* EXERCISE DETAILS *
From the records below, copy each line that has the word "Require" in it.

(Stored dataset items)
======

(* Let $T=(T_a,T_b)$ be a rooted binary tree on $n$ leaves, where $T_a$ and $T_b$ have $n_a$ and $n_b$ leaves respectively. If $n_a\neq n_b$ and both $n_a$ and $n_b$ are odd, then $\mathcal{C}(T)>c_n$, i.e. $T$ does not have minimal Colless index.
   Context: A rooted binary tree with $n\geq 2$ leaves is a rooted tree whose root has degree 2 and all other internal nodes have degree 3; for $n=1$ it is a single node. $T=(T_a,T_b)$ denotes the decomposition into the two subtrees rooted at the children of the root. For an internal node $v$ with children $v_1,v_2$, let $\kappa(v_i)$ be the number of leaves descending from $v_i$ ($1$ if a leaf). The Colless index is $\mathcal{C}(T)=\sum_v|\kappa(v_1)-\kappa(v_2)|$ over internal nodes $v$; $c_n$ is the minimum of $\mathcal{C}$ over rooted binary trees with $n$ leaves. *)

From mathcomp Require Import all_boot.
Set Implicit Arguments. Unset Strict Implicit. Unset Printing Implicit Defensive.

Inductive tree : Type :=
| Leaf : tree
| Node : tree -> tree -> tree.

Fixpoint leaves (t : tree) : nat :=
  match t with
  | Leaf => 1
  | Node a b => leaves a + leaves b
  end.

Definition absdiff (m n : nat) : nat := (m - n) + (n - m).

(* Colless index: sum over internal nodes v of |kappa(v1) - kappa(v2)| *)
Fixpoint colless (t : tree) : nat :=
  match t with
  | Leaf => 0
  | Node a b => absdiff (leaves a) (leaves b) + colless a + colless b
  end.

Fixpoint trees_upto (d : nat) : seq tree :=
  match d with
  | 0 => [:: Leaf]
  | d'.+1 => Leaf :: [seq Node a b | a <- trees_upto d', b <- trees_upto d']
  end.

(* Trees with n leaves have height < n, so this lists every tree with n leaves. *)
Definition trees_with (n : nat) : seq tree :=
  [seq t <- trees_upto n | leaves t == n].

(* c_n : minimum Colless index over rooted binary trees with n leaves
   (meaningful for n >= 1; the list is empty for n = 0). *)
Definition min_colless (n : nat) : nat :=
  let cs := [seq colless t | t <- trees_with n] in foldr minn (foldr maxn 0 cs) cs.

From HB Require Import structures.
From mathcomp Require Import all_boot zify.

Set Implicit Arguments.
Unset Strict Implicit.
Unset Printing Implicit Defensive.

(* The minimum c_n is attained by the maximally balanced tree, whose subtrees
   have ceil(n/2) and floor(n/2) leaves; its Colless index c satisfies
   c(2k) = 2c(k) and c(2k+1) = c(k) + c(k+1) + 1.  A strong induction on
   a + b, split by the parities of a and b, shows
   c(a + b) <= c(a) + c(b) + |a - b|, hence c(leaves T) <= C(T) for every T.
   For odd a = 2x+1 <> b = 2y+1 the induction hypothesis at the splittings
   (x, y+1) and (x+1, y) of x+y+1 costs imbalances summing to exactly
   2|x - y| = |a - b|, while the recurrences for c(a) and c(b) contribute
   at least one extra +1; so the inequality is strict and such a root split
   is never optimal. *)

Definition tree_eq_dec (s t : tree) : {s = t} + {s <> t}.
Proof. decide equality. Defined.

HB.instance Definition _ := hasDecEq.Build tree (compareP tree_eq_dec).

Fixpoint balf (fuel n : nat) : tree :=
  if fuel is f.+1 then
    if n <= 1 then Leaf else Node (balf f (uphalf n)) (balf f n./2)
  else Leaf.

Definition bal (n : nat) : tree := balf n n.

Lemma balf_fuel f g n : n <= f -> n <= g -> balf f n = balf g n.
Proof.
elim: f g n => [|f IHf] [|g] n le_nf le_ng //=; try by case: ifP => //; lia.
by case: ifP => // gt1n; congr Node; apply: IHf; lia.
Qed.

Lemma bal_Node n : 1 < n -> bal n = Node (bal (uphalf n)) (bal n./2).
Proof.
case: n => [|m] // lt1m; rewrite /bal [LHS]/=.
by case: ifP => [|_]; [lia | congr Node; apply: balf_fuel; lia].
Qed.

Lemma leaves_balf f n : 0 < n <= f -> leaves (balf f n) = n.
Proof.
elim: f n => [|f IHf] n /= n_range; first lia.
by case: ifP => ? /=; [lia | rewrite !IHf; lia].
Qed.

Lemma leaves_bal n : 0 < n -> leaves (bal n) = n.
Proof. by move=> n_gt0; apply: leaves_balf; rewrite n_gt0 leqnn. Qed.

Lemma balf_in_trees_upto f n : balf f n \in trees_upto f.
Proof.
elim: f n => [|f IHf] n /=; first exact: mem_head.
by case: ifP => _; rewrite inE ?eqxx // allpairs_f ?orbT.
Qed.

Definition cbal (n : nat) : nat := colless (bal n).

Lemma cbal_rec n :
  1 < n -> cbal n = cbal (uphalf n) + cbal n./2 + absdiff (uphalf n) n./2.
Proof. by move=> lt1n; rewrite /cbal bal_Node //= !leaves_bal; lia. Qed.

Lemma cbal_double k : cbal k.*2 = (cbal k).*2.
Proof.
case: k => [|k] //; rewrite cbal_rec ?uphalf_double ?doubleK; rewrite /absdiff; lia.
Qed.

(* The term [k != 0] makes the recurrence also hold at k = 0, where c(1) = 0. *)
Lemma cbal_doubleS k : cbal k.*2.+1 = cbal k + cbal k.+1 + (k != 0).
Proof.
case: k => [|k] //; rewrite cbal_rec /= ?uphalf_double ?doubleK; rewrite /absdiff; lia.
Qed.

Section SplitStep.

Variable n : nat.
Hypothesis IHn :
  forall a b, a + b < n -> cbal (a + b) <= cbal a + cbal b + absdiff a b.

Lemma cbal_split_even_even x y :
  x.*2 + y.*2 <= n -> cbal (x.*2 + y.*2) <= cbal x.*2 + cbal y.*2 + absdiff x.*2 y.*2.
Proof.
rewrite -doubleD !cbal_double => le_n.
case: (posnP (x + y)) => [-> // | xy_gt0].
by have := @IHn x y; rewrite /absdiff; lia.
Qed.

Lemma cbal_split_even_odd x y : 0 < x ->
  x.*2 + y.*2.+1 <= n ->
  cbal (x.*2 + y.*2.+1) <= cbal x.*2 + cbal y.*2.+1 + absdiff x.*2 y.*2.+1.
Proof.
rewrite addnS -doubleD !cbal_doubleS cbal_double => x_gt0 le_n.
case: (posnP y) => [-> | y_gt0].
  by have := @IHn x 1; rewrite !addn0 addn1 /absdiff; lia.
by have := @IHn x y; have := @IHn x y.+1; rewrite addnS /absdiff; lia.
Qed.

Lemma cbal_split_odd_odd x y : x != y ->
  x.*2.+1 + y.*2.+1 <= n ->
  cbal (x.*2.+1 + y.*2.+1) < cbal x.*2.+1 + cbal y.*2.+1 + absdiff x.*2.+1 y.*2.+1.
Proof.
rewrite addSn addnS -doubleD -doubleS cbal_double !cbal_doubleS => neq_xy le_n.
by have := @IHn x y.+1; have := @IHn x.+1 y; rewrite addnS addSn /absdiff; lia.
Qed.

End SplitStep.

Lemma absdiffC m n : absdiff m n = absdiff n m.
Proof. by rewrite /absdiff addnC. Qed.

Lemma cbal_split_le a b : cbal (a + b) <= cbal a + cbal b + absdiff a b.
Proof.
have [n] := ubnP (a + b); elim: n a b => // n IHn a b /ltnSE-le_ab_n.
case: (posnP a) => [-> | a_gt0]; first by rewrite add0n /absdiff; lia.
case: (posnP b) => [-> | b_gt0]; first by rewrite addn0 /absdiff; lia.
have [<- | neq_ab] := eqVneq a b; first by rewrite [a + a]addnn cbal_double /absdiff; lia.
have [x [a_even | a_odd]] : exists x, a = x.*2 \/ a = x.*2.+1 by exists a./2; lia.
all: have [y [b_even | b_odd]] : exists y, b = y.*2 \/ b = y.*2.+1 by exists b./2; lia.
all: subst a b.
- exact: (cbal_split_even_even IHn).
- by apply: (cbal_split_even_odd IHn); lia.
- rewrite addnC [cbal _ + cbal _]addnC absdiffC.
  by apply: (cbal_split_even_odd IHn); lia.
- apply/ltnW/(cbal_split_odd_odd IHn) => //.
  by apply: contraNneq neq_ab => ->.
Qed.

Lemma cbal_split_odd_lt a b : odd a -> odd b -> a != b ->
  cbal (a + b) < cbal a + cbal b + absdiff a b.
Proof.
move=> odd_a odd_b neq_ab.
rewrite -(odd_double_half a) -(odd_double_half b) odd_a odd_b !add1n in neq_ab *.
apply: (cbal_split_odd_odd (fun a' b' _ => cbal_split_le a' b')) => //.
by apply: contraNneq neq_ab => ->.
Qed.

Lemma cbal_leaves_le t : cbal (leaves t) <= colless t.
Proof.
elim: t => [|ta IHa tb IHb] //=.
by have := cbal_split_le (leaves ta) (leaves tb); lia.
Qed.

Lemma foldr_minn_le d s x : x \in s -> foldr minn d s <= x.
Proof.
elim: s => [|y s IHs] //=; rewrite inE => /predU1P[-> | /IHs]; first exact: geq_minl.
exact: leq_trans (geq_minr _ _).
Qed.

Lemma min_colless_le_cbal n : 0 < n -> min_colless n <= cbal n.
Proof.
move=> n_gt0; apply: foldr_minn_le; apply: map_f.
by rewrite mem_filter leaves_bal // eqxx balf_in_trees_upto.
Qed.

Lemma leaves_gt0 t : 0 < leaves t.
Proof. by elim: t => //= ta IHa tb IHb; rewrite addn_gt0 IHa. Qed.

Theorem theorem7 (Ta Tb : tree) :
  leaves Ta != leaves Tb ->
  odd (leaves Ta) -> odd (leaves Tb) ->
  min_colless (leaves (Node Ta Tb)) < colless (Node Ta Tb).
Proof.
move=> neq_ab odd_a odd_b.
apply: leq_ltn_trans (min_colless_le_cbal (leaves_gt0 (Node Ta Tb))) _ => /=.
apply: leq_trans (cbal_split_odd_lt odd_a odd_b neq_ab) _.
by have := cbal_leaves_le Ta; have := cbal_leaves_le Tb; lia.
Qed.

======

* TASK SOLUTION *
From mathcomp Require Import all_boot.
From HB Require Import structures.
From mathcomp Require Import all_boot zify.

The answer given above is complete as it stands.